Unnamed: 0,document,first,four,is,number,repeat,second,the,third,this,three,to
0,0.352855,0.552816,0.0,0.435847,0.0,0.0,0.0,0.435847,0.0,0.435847,0.0,0.0
1,0.352855,0.0,0.0,0.435847,0.0,0.0,0.552816,0.435847,0.0,0.435847,0.0,0.0
2,0.61914,0.0,0.0,0.0,0.38238,0.0,0.0,0.0,0.485001,0.0,0.485001,0.0
3,0.0,0.0,0.686545,0.0,0.54128,0.343272,0.0,0.0,0.0,0.0,0.0,0.343272


If you have a large corpus. Then the use of a HashingVectorizer is preferred.

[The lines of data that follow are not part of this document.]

Fixpoint gen_span (xs : seq S) (k : nat) : S -> Prop :=
  if k is k'.+1 then
    fun x => exists r y, [/\ R r, gen_span xs k' y & x = r * xs`_k' + y]
  else C.

Lemma gen_span_submod xs k : cond_submod (gen_span xs k).
Proof.
elim: k => [|k [sub_k add_k scale_k]] /=.
  by split=> [//|x y|r x _]; [exact: conductorD | exact: conductorMl].
split.
- move=> c Cc; exists 0, c; split; [exact: subring0 HR | exact: sub_k | ring].
- move=> _ _ [r1 [y1 [R1 Y1 ->]]] [r2 [y2 [R2 Y2 ->]]].
  exists (r1 + r2), (y1 + y2); split; [exact: subringD | exact: add_k | ring].
- move=> r _ Rr [r1 [y1 [R1 Y1 ->]]].
  exists (r * r1), (r * y1); split; [exact: subringM | exact: scale_k | ring].
Qed.

Definition lead_ideal xs k (N : S -> Prop) : S -> Prop :=
  fun r => R r /\ exists2 y, gen_span xs k y & N (r * xs`_k + y).

Lemma lead_ideal_ideal xs k N : cond_submod N ->
  ideal_of R (lead_ideal xs k N) /\ subset_of C (lead_ideal xs k N).
Proof.
case=> subN addN scaleN; have [sub_k add_k scale_k] := gen_span_submod xs k.
split; last first.
  move=> c Cc; split; first exact: conductor_sub.
  by exists 0; [exact: sub_k conductor0 | rewrite addr0; exact/subN/conductorMr].
split.
- by move=> r [].
- split; first exact: subring0 HR.
  by exists 0; [exact: sub_k conductor0 | rewrite mul0r addr0; exact/subN/conductor0].
- move=> r1 r2 [R1 [y1 Y1 N1]] [R2 [y2 Y2 N2]]; split; first exact: subringD.
  exists (y1 + y2); first exact: add_k.
  by rewrite (_ : _ + _ = (r1 * xs`_k + y1) + (r2 * xs`_k + y2)); [exact: addN | ring].
- move=> r r1 Rr [R1 [y1 Y1 N1]]; split; first exact: subringM.
  exists (r * y1); first exact: scale_k.
  by rewrite (_ : _ + _ = r * (r1 * xs`_k + y1)); [exact: scaleN | ring].
Qed.

Hypothesis Hgil : gilmer_ext R.
Lemma inverse_map_f x0 : is_connected D -> D x0 -> U x0 -> f x0 = y0 ->
  forall x, D x -> inverse_map (f x) = x.
Proof.
  intros HDconn Hx0 HUx0 Hfx0.
  assert (Hfix0 : inverse_map (f x0) = x0).
  { apply (inverse_map_fixed_iff x0 0 Hx0); [| rewrite Phi_0; assumption].
    unfold admissible. rewrite Hfx0, Psi_0, dist_self. lra. }
  assert (Hcont : forall x, D x -> continuous_at (fun x => inverse_map (f x)) x).
  { intros x Hx. apply continuous_at_comp; [apply f_continuous, Hx | apply inverse_map_continuous]. }
  destruct (HDconn _ _ fixed_set_open (continuous_neq_open D _ D_open Hcont)) as [Hnone | Hnone].
  - intros x Hx. destruct (classic (inverse_map (f x) = x)); [left | right]; split; assumption.
  - intros x _ [_ Hfix] [_ Hnfix]. exact (Hnfix Hfix).
  - exfalso. apply (Hnone x0 Hx0). split; assumption.
  - intros x Hx. apply NNPP. intro Hnfix. apply (Hnone x Hx). split; assumption.
Qed.

End GlobalLiftingFlow.

Lemma homeomorphism_of_global_lifting_flow {X Y : NormedSpace} (D : X -> Prop) (f : X -> Y)
  (x0 : X) (DPhi : X -> R -> Prop) (Phi : X -> R -> X) :
  is_open D -> is_connected D -> D x0 -> local_homeomorphism D f ->
  lifts_Psi D f (f x0) DPhi Phi -> (forall x t, D x -> DPhi x t) ->
  homeomorphism_onto D f.
Proof.
  intros HDo HDconn Hx0 Hf [[_ [_ [HPhi_dom [Hcont_dom [_ [_ [Phi_0 Hcomp_dom]]]]]]] Hlift_dom]
    Hglob.
  assert (f_continuous : forall x, D x -> continuous_at f x)
    by (intros x Hx; exact (local_homeomorphism_continuous_at D f x Hf Hx)).
  assert (Phi_D : forall x t, D x -> D (Phi x t)) by auto.
  assert (Phi_continuous : continuous_on2 (fun x _ => D x) Phi).
  { intros x t Hx eps He. destruct (Hcont_dom x t (Hglob x t Hx) eps He) as [d [Hd H]].
    exists d. split; [exact Hd |]. intros y s Hy. apply H, Hglob, Hy. }
  assert (Phi_comp : forall x s t, D x -> Phi (Phi x s) t = Phi x (s + t))
    by (intros; apply Hcomp_dom; apply Hglob; assumption).
  assert (f_Phi : forall x t, D x -> f (Phi x t) = Psi (f x0) (f x) t) by auto.
  destruct (Hf x0 Hx0) as [U [V [g [HUo [HUx0 [HUD [HVo [Hgf [Hfg [_ Hgc]]]]]]]]]].
  destruct (HVo (f x0) (proj1 (Hgf x0 HUx0))) as [r [Hr Hball]].
  split; [apply continuous_on_of_at, f_continuous |].
  exists (inverse_map X Y (f x0) Phi g r). repeat split.
  - eapply inverse_map_D; eauto.
  - eapply f_inverse_map; eauto.
  - eapply inverse_map_f; eauto.
  - apply continuous_on_of_at. intros y _. eapply inverse_map_continuous; eauto.
Qed.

**Note:** n_features is the number of Hash Buckets to be created. If the number of Hash Buckets is less than the number of unique word (as is the purpose of this method) then multiple words ar assigned to each hash. In our example we map 12 unique words to 8 Hash Buckets.

In [0]:
from sklearn.feature_extraction.text import HashingVectorizer

vectorizer = HashingVectorizer(n_features=8)
feature_vector = vectorizer.fit_transform(corpus)

In [48]:
print(feature_vector)

  (0, 0)	-0.8944271909999159
  (0, 5)	0.4472135954999579
  (0, 6)	0.0
  (1, 0)	-0.5773502691896258
  (1, 3)	0.5773502691896258
  (1, 5)	0.5773502691896258
  (1, 6)	0.0
  (2, 0)	-0.7559289460184544
  (2, 3)	0.3779644730092272
  (2, 5)	0.3779644730092272
  (2, 7)	0.3779644730092272
  (3, 0)	0.31622776601683794
  (3, 3)	0.31622776601683794
  (3, 5)	0.6324555320336759
  (3, 7)	0.6324555320336759


**Note:** A disadvantage of Hashing is that there is no way to get back to the words original value.